• [WHAT NEEDS TO BE DONE]
Repeat exactly, and only, the lines of the entries below from the one with "Lemma aut_prefixE u" through the one with "apply: functional_extensionality => v; case: (classic", both ends included.

Stored data entries
Lemma cnjM y yi x1 x2 : mulf yi y = idf ->
  cnj y yi (mulf x1 x2) = mulf (cnj y yi x1) (cnj y yi x2).
Proof.
by move=> yiy; apply: functional_extensionality => v; rewrite /cnj /mulf (mulf_idf_cancel yiy).
Qed.

Lemma cnj_powf y yi x n : mulf y yi = idf -> mulf yi y = idf ->
  powf (cnj y yi x) n = cnj y yi (powf x n).
Proof.
move=> yyi yiy; elim: n => [|n IH]; first by rewrite -[RHS]/(mulf y yi) yyi.
by rewrite powfS IH -cnjM.
Qed.

Section Subgroups.

Variables (A H : aut -> Prop).
Hypothesis sH : subgroup_of A H.

Lemma subg_sub h : H h -> A h. Proof. by case: sH => sub _ _ _; apply: sub. Qed.
Lemma subg1 : H idf. Proof. by case: sH. Qed.
Lemma subgM x y : H x -> H y -> H (mulf x y). Proof. by case: sH => _ _ M _; apply: M. Qed.
Lemma subgV h : H h -> exists h', [/\ H h', mulf h h' = idf & mulf h' h = idf].
Proof. by case: sH => _ _ _ V; apply: V. Qed.

Lemma subgX x n : H x -> H (powf x n).
Proof. by move=> Hx; elim: n => [|n IH]; [exact: subg1 | exact: subgM]. Qed.

Lemma subgVr h h' : H h -> mulf h h' = idf -> H h'.
Proof.
move=> Hh hh'; have [h'' [Hh'' _ h''h]] := subgV Hh.
have -> : h' = h''.
  apply: functional_extensionality => v.
  by rewrite -(mulf_idf_cancel h''h (h' v)) (mulf_idf_cancel hh').
exact: Hh''.
Qed.

End Subgroups.

Lemma prefix_size u w : prefix u w -> size u <= size w.
Proof. by rewrite /prefix => <-; rewrite size_take; case: ltnP => // /ltnW. Qed.

Lemma prefix_refl u : prefix u u. Proof. exact: take_size. Qed.

Lemma prefix_trans u v w : prefix u v -> prefix v w -> prefix u w.
Proof.
move=> uv vw; have := prefix_size uv; move: uv vw; rewrite /prefix => uv vw uv_le.
by rewrite -[in RHS]uv -vw take_takel.
Qed.

Lemma eq_prefix_size u1 u2 w : size u1 = size u2 -> prefix u1 w -> prefix u2 w -> u1 = u2.
Proof. by rewrite /prefix => eq_size <- <-; rewrite eq_size. Qed.

Section Automorphism.

Variables (m : nat -> nat) (f : aut).
Hypothesis af : is_aut m f.

Lemma aut_fix v : ~ vertex m v -> f v = v. Proof. by case: af => af_fix _ _ _ _; apply: af_fix. Qed.
Lemma aut_vertex v : vertex m v -> vertex m (f v). Proof. by case: af => _ vf _ _ _; apply: vf. Qed.
Lemma aut_size v : size (f v) = size v. Proof. by case: af => _ _ sf _ _. Qed.
Lemma aut_take v k : vertex m v -> f (take k v) = take k (f v).
Proof. by case: af => _ _ _ tf _; apply: tf. Qed.
Lemma aut_inj : injective f. Proof. by case: af => _ _ _ _ []. Qed.

Lemma aut_prefixE u w : vertex m w -> prefix (f u) (f w) <-> prefix u w.
Proof.
rewrite /prefix aut_size => vw; rewrite -aut_take //.
by split=> [/aut_inj | ->].
Qed.

Lemma aut_moves : f <> idf -> exists v, vertex m v /\ f v <> v.
Proof.
move=> f_neq1; apply: NNPP => fixes; apply: f_neq1.
apply: functional_extensionality => v; case: (classic (vertex m v)) => [vv|]; last exact: aut_fix.
by apply: NNPP => fv; apply: fixes; exists v.
Qed.

End Automorphism.

Section RigidStabilizers.

Variables (m : nat -> nat) (G : aut -> Prop).
Hypothesis sG : subgroup_of (is_aut m) G.

Let mem_aut g : G g -> is_aut m g := @subg_sub _ _ sG g.

Lemma rist_fix_root u c : vertex m u -> rist m G u c -> c u = u.
Proof.
move=> vu [Gc c_supp]; have ac := mem_aut Gc; apply: NNPP => cu.
have : c (c u) = c u.
  apply: c_supp; first exact: aut_vertex.
  by move=> u_cu; apply: cu; apply: (eq_prefix_size (aut_size ac u)) u_cu; exact: prefix_refl.
by move/(aut_inj ac).
Qed.

Lemma rist_prefix u w c : prefix w u -> rist m G u c -> rist m G w c.
Proof. by move=> wu [Gc c_supp]; split=> // z vz wz; apply: c_supp => // /(prefix_trans wu). Qed.

Lemma rist_cnj u y yi c : G y -> mulf y yi = idf -> mulf yi y = idf ->
  rist m G u c -> rist m G (y u) (cnj y yi c).
Proof.
move=> Gy yyi yiy [Gc c_supp]; have Gyi := subgVr sG Gy yyi.
split; first exact: (subgM sG Gy (subgM sG Gc Gyi)).
move=> z vz yu_z; have vyiz := aut_vertex (mem_aut Gyi) vz.
rewrite /cnj /mulf c_supp ?(mulf_idf_cancel yyi) //.
by rewrite -(aut_prefixE (mem_aut Gy)) ?(mulf_idf_cancel yyi).
Qed.

Lemma ristVr u c c' : vertex m u -> mulf c c' = idf -> rist m G u c -> rist m G u c'.
Proof.
move=> vu cc' rc; have [Gc c_supp] := rc; have Gc' := subgVr sG Gc cc'.
split=> // z vz uz; have vc'z := aut_vertex (mem_aut Gc') vz.
case: (classic (prefix u (c' z))) => [u_c'z | /c_supp c'zE]; last first.
  by rewrite -{2}(mulf_idf_cancel cc' z) c'zE.
case: uz; rewrite -(mulf_idf_cancel cc' z) -(rist_fix_root vu rc).
by rewrite (aut_prefixE (mem_aut Gc)).
Qed.

Lemma rist_disjoint u1 u2 d : vertex m u1 -> size u1 = size u2 -> u1 <> u2 ->
  rist m G u1 d -> rist m G u2 d -> d = idf.
Proof.
move=> vu1 size_u u1_neq_u2 [Gd d_supp1] [_ d_supp2]; apply: functional_extensionality => z.
case: (classic (vertex m z)) => [vz|]; last exact: (aut_fix (mem_aut Gd)).
case: (classic (prefix u1 z)) => [u1z|]; last exact: d_supp1.
by apply: d_supp2 => // u2z; exact: (u1_neq_u2 (eq_prefix_size size_u u1z u2z)).
Qed.

Lemma rist_nontrivial u : branch m G -> ~ finite_set G -> vertex m u ->
  exists c, rist m G u c /\ c <> idf.
Proof.
move=> [transG RistG] G_infinite vu; apply: NNPP => rist_u_trivial.
have rist_level_trivial v c : vertex m v -> size v = size u -> rist m G v c -> c = idf.
  move=> vv size_v rc; apply: NNPP => c_neq1.
  have [y [Gy yv]] := transG v u vv vu size_v.
  have [yi [Gyi yyi yiy]] := subgV sG Gy.
  apply: rist_u_trivial; exists (cnj y yi c); split; first by rewrite -yv; exact: rist_cnj.
  move=> cnj_c1; apply: c_neq1; apply: functional_extensionality => z.
  have := equal_f cnj_c1 (y z); rewrite /cnj /mulf (mulf_idf_cancel yiy).
  exact: (aut_inj (mem_aut Gy)).
have trivial_subgroup : subgroup_of G (eq idf).
  by split=> [_ <-|//|_ _ <- <-|_ <-]; [exact: subg1 sG | | exists idf].
have [s cosets] := RistG (size u); apply: G_infinite; exists s => g Gg.
have [x sx [h [Rh ->]]] := cosets g Gg.
suff <- : idf = h by [].
apply: (Rh (eq idf) trivial_subgroup) => c [v [vv size_v /rist_level_trivial]].
by move=> /(_ vv size_v) ->.
Qed.

Variable A : aut -> Prop.
Hypothesis A_normal : normal_in G A.

Let sA : subgroup_of G A := proj1 A_normal.
Let A_cnj g gi a : G g -> mulf g gi = idf -> mulf gi g = idf -> A a -> A (cnj g gi a)
  := proj2 A_normal g gi a.
(* Let $\alpha\in(0,1)$ and $0\le W_0\le \alpha$. Consider a monotone GAI++ rule as defined in the context, applied to $p$-values $P_1,P_2,\dots$ satisfying the independence and super-uniformity assumptions of the context. Then for every $T\in\mathbb N$, $$\mathbb E\left[\frac{V(T)+W(T)}{R(T)\vee 1}\right]\le \alpha .$$ Consequently, since $W(T)\ge 0$, $\mathrm{FDR}(T)=\mathbb E\big[V(T)/(R(T)\vee 1)\big]\le\alpha$ for all $T\in\mathbb N$.
   Context: Online testing setup: $p$-values $P_1,P_2,\dots\in[0,1]$ arrive one at a time, $P_t$ corresponding to hypothesis $H_t$. Let $\mathcal H^0\subseteq\mathbb N$ be the (fixed, unknown) set of indices of true null hypotheses. Super-uniformity: for every $t\in\mathcal H^0$, $\mathbb P(P_t\le x)\le x$ for all $x\in[0,1]$. Independence: for each $t\in\mathcal H^0$, $P_t$ is independent of $(P_s)_{s\ne t}$. Decisions are $R_t=\mathbf 1\{P_t\le\alpha_t\}$, and $\mathcal F^t=\sigma(R_1,\dots,R_t)$. A quantity indexed by $t$ is predictable if it is $\mathcal F^{t-1}$-measurable. Let $R(T)=\sum_{t=1}^T R_t$, $V(T)=\sum_{t\le T,\,t\in\mathcal H^0}R_t$. GAI++ rule: start with wealth $W(0)=W_0$ with $0\le W_0\le\alpha$. At each $t$, predictable quantities $\alpha_t\ge 0$ (test level), $\phi_t$ (penalty) and $\psi_t$ (reward) are chosen, with $\phi_t\le W(t-1)$, and the wealth is updated as $W(t)=W(t-1)-\phi_t+R_t\psi_t$; the choices are such that $W(t)\ge 0$ for all $t$. The reward must satisfy $$\psi_t\le\min\Big\{\phi_t+b_t,\ \frac{\phi_t}{\alpha_t}+b_t-1\Big\},\qquad b_t=\begin{cases}\alpha-W_0 & \text{if } R(t-1)=0,\\ \alpha&\text{otherwise},\end{cases}$$ (with $\phi_t/\alpha_t$ interpreted as $+\infty$ if $\alpha_t=0$). The rule is monotone if $\alpha_t=f_t(R_1,\dots,R_{t-1})$ for a function $f_t:\{0,1\}^{t-1}\to[0,\infty)$ that is coordinatewise nondecreasing. *)

From HB Require Import structures.
From mathcomp Require Import all_boot all_order all_algebra.
From mathcomp Require Import all_classical all_reals all_analysis.
Set Implicit Arguments. Unset Strict Implicit. Unset Printing Implicit Defensive.
Import Order.TTheory GRing.Theory Num.Theory.
Local Open Scope classical_set_scope.
Local Open Scope ring_scope.

Section gai.
Variables (d : measure_display) (Omega : measurableType d) (R : realType).

(* Independence of the random variable [p t] from the family (p s)_{s <> t}:
   sigma(p t) is independent of sigma(p s, s <> t); written out on the
   generating pi-system of finite-dimensional cylinder events. *)
Definition indep_from_others (P : probability Omega R) (p : nat -> Omega -> R)
  (t : nat) : Prop :=
  forall (S : seq nat) (A : set R) (B : nat -> set R),
    t \notin S -> measurable A -> (forall s, measurable (B s)) ->
    P (p t @^-1` A `&` \bigcap_(s in [set` S]) (p s @^-1` B s)) =
    (P (p t @^-1` A) * P (\bigcap_(s in [set` S]) (p s @^-1` B s)))%E.

Definition super_uniform (P : probability Omega R) (X : Omega -> R) : Prop :=
  forall x : R, 0 <= x <= 1 -> (P [set w | (X w <= x)%R] <= x%:E)%E.

(* The rule: [alpha t h], [phi t h], [psi t h] are the test level, penalty and
   reward at time t >= 1, as functions of the history h = [:: R_1; ...; R_{t-1}]
   (predictable quantities). *)
Variables (alpha phi psi : nat -> seq bool -> R) (W0 : R) (p : nat -> Omega -> R).
(* Let $n\ge 2$, let $g_1(s),\dots,g_n(s)$ and $f(s)$ be rational proper transfer functions, and let $L$ be a real symmetric $n\times n$ graph Laplacian with eigenvalues $0=\lambda_1(L)\le\lambda_2(L)\le\cdots\le\lambda_n(L)$. Define $$T(s)=\big(I_n+\mathrm{diag}\{g_i(s)\}f(s)L\big)^{-1}\mathrm{diag}\{g_i(s)\}=\big(\mathrm{diag}\{g_i^{-1}(s)\}+f(s)L\big)^{-1},\qquad \bar g(s)=\Big(\frac1n\sum_{i=1}^n g_i^{-1}(s)\Big)^{-1}.$$ Let $s_0\in\mathbb{C}$ be a point that is not a pole of $f(s)$, and suppose there are constants $M_1,M_2>0$ with $|\bar g(s_0)|\le M_1$ and $\max_{1\le i\le n}|g_i^{-1}(s_0)|\le M_2$. Then, whenever $|f(s_0)|\lambda_2(L)> M_2+M_1M_2^2$, $$\Big\|T(s_0)-\frac1n\bar g(s_0)\mathbf{1}\mathbf{1}^\top\Big\|\le \frac{(M_1M_2+1)^2}{|f(s_0)|\lambda_2(L)-M_2-M_1M_2^2}.$$
   Context: $\mathbf{1}=[1,\dots,1]^\top\in\mathbb{R}^n$, $I_n$ is the $n\times n$ identity, $\|\cdot\|$ is the spectral norm, and $\mathrm{diag}\{x_i\}$ is the diagonal matrix with entries $x_i$. A (weighted, undirected) graph Laplacian $L$ is real symmetric positive semidefinite with $L\mathbf{1}=0$; $\lambda_i(L)$ denotes its $i$-th smallest eigenvalue. *)

From HB Require Import structures.
From mathcomp Require Import all_boot all_order all_algebra.
From mathcomp Require Import classical_sets reals.
From mathcomp Require Import complex.
Set Implicit Arguments. Unset Strict Implicit. Unset Printing Implicit Defensive.
Import Order.TTheory GRing.Theory Num.Theory.
Local Open Scope ring_scope.

Section Defs.
Variable R : realType.

Definition cabs (z : R[i]) : R := Normc.normc z.

Definition vnorm n (x : 'cV[R[i]]_n) : R :=
  Num.sqrt (\sum_(i < n) cabs (x i 0) ^+ 2).

Definition specnorm n (A : 'M[R[i]]_n) : R :=
  sup [set vnorm (A *m x) | x in [set x : 'cV[R[i]]_n | vnorm x <= 1]].

Definition is_laplacian n (L : 'M[R]_n) : Prop :=
  [/\ L^T = L,
      (forall x : 'cV[R]_n, 0 <= (x^T *m L *m x) 0 0)
    & L *m (const_mx 1 : 'cV[R]_n) = 0].

(* A rational transfer function with real coefficients is represented by a
   numerator/denominator pair (p, q) in reduced form; it is proper when
   deg p <= deg q. *)
Definition proper_rat (p q : {poly R}) : Prop :=
  [/\ q != 0, coprimep p q & (size p <= size q)%N].

Definition polyC_R (p : {poly R}) : {poly R[i]} := map_poly (real_complex R) p.

Definition is_pole (p q : {poly R}) (s : R[i]) : Prop := (polyC_R q).[s] = 0.

(* value of the rational function p/q at s (meaningful when s is not a pole) *)
Definition ratval (p q : {poly R}) (s : R[i]) : R[i] :=
  (polyC_R p).[s] / (polyC_R q).[s].

End Defs.

From HB Require Import structures.
From mathcomp Require Import all_boot all_order all_algebra.
From mathcomp Require Import classical_sets reals complex.
From mathcomp Require Import sesquilinear spectral.
From mathcomp Require Import ring lra.
Set Implicit Arguments. Unset Strict Implicit. Unset Printing Implicit Defensive.
Import Order.TTheory GRing.Theory Num.Theory.
Local Open Scope ring_scope.

(* Write T(s0)^-1 = D + f L with D = diag (g_i^-1), and for a vector x put
   y = (D + f L) x and x = w + alpha 1 with w orthogonal to 1.  The columns of L
   sum to zero, so the sum of the entries of y only involves D: it is
   alpha n / gbar + <D, w>, which determines alpha up to O(|w|), and then
   x - gbar/n 1 1^T y = w - O(|w|) 1.  On the other hand |L w| >= lambda_2 |w|,
   because 1 is in the kernel of L and at most one eigenvalue of L lies below
   lambda_2; so f L w = y - D w - alpha D 1 gives
   (|f| lambda_2 - M2 - M1 M2^2) |w| <= (1 + M1 M2) |y|.  The resulting bound
   |x - gbar/n 1 1^T y| <= (1 + M1 M2)^2 / (|f| lambda_2 - M2 - M1 M2^2) |y|
   forces D + f L to be invertible and, with x = T(s0) y, bounds the norm of
   T(s0) - gbar/n 1 1^T. *)

Section ComplexModulus.
Variable R : realType.
Implicit Types (z w : R[i]) (x : R).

• [SOLUTION FOR THIS TASK]
Lemma aut_prefixE u w : vertex m w -> prefix (f u) (f w) <-> prefix u w.
Proof.
rewrite /prefix aut_size => vw; rewrite -aut_take //.
by split=> [/aut_inj | ->].
Qed.

Lemma aut_moves : f <> idf -> exists v, vertex m v /\ f v <> v.
Proof.
move=> f_neq1; apply: NNPP => fixes; apply: f_neq1.
apply: functional_extensionality => v; case: (classic (vertex m v)) => [vv|]; last exact: aut_fix.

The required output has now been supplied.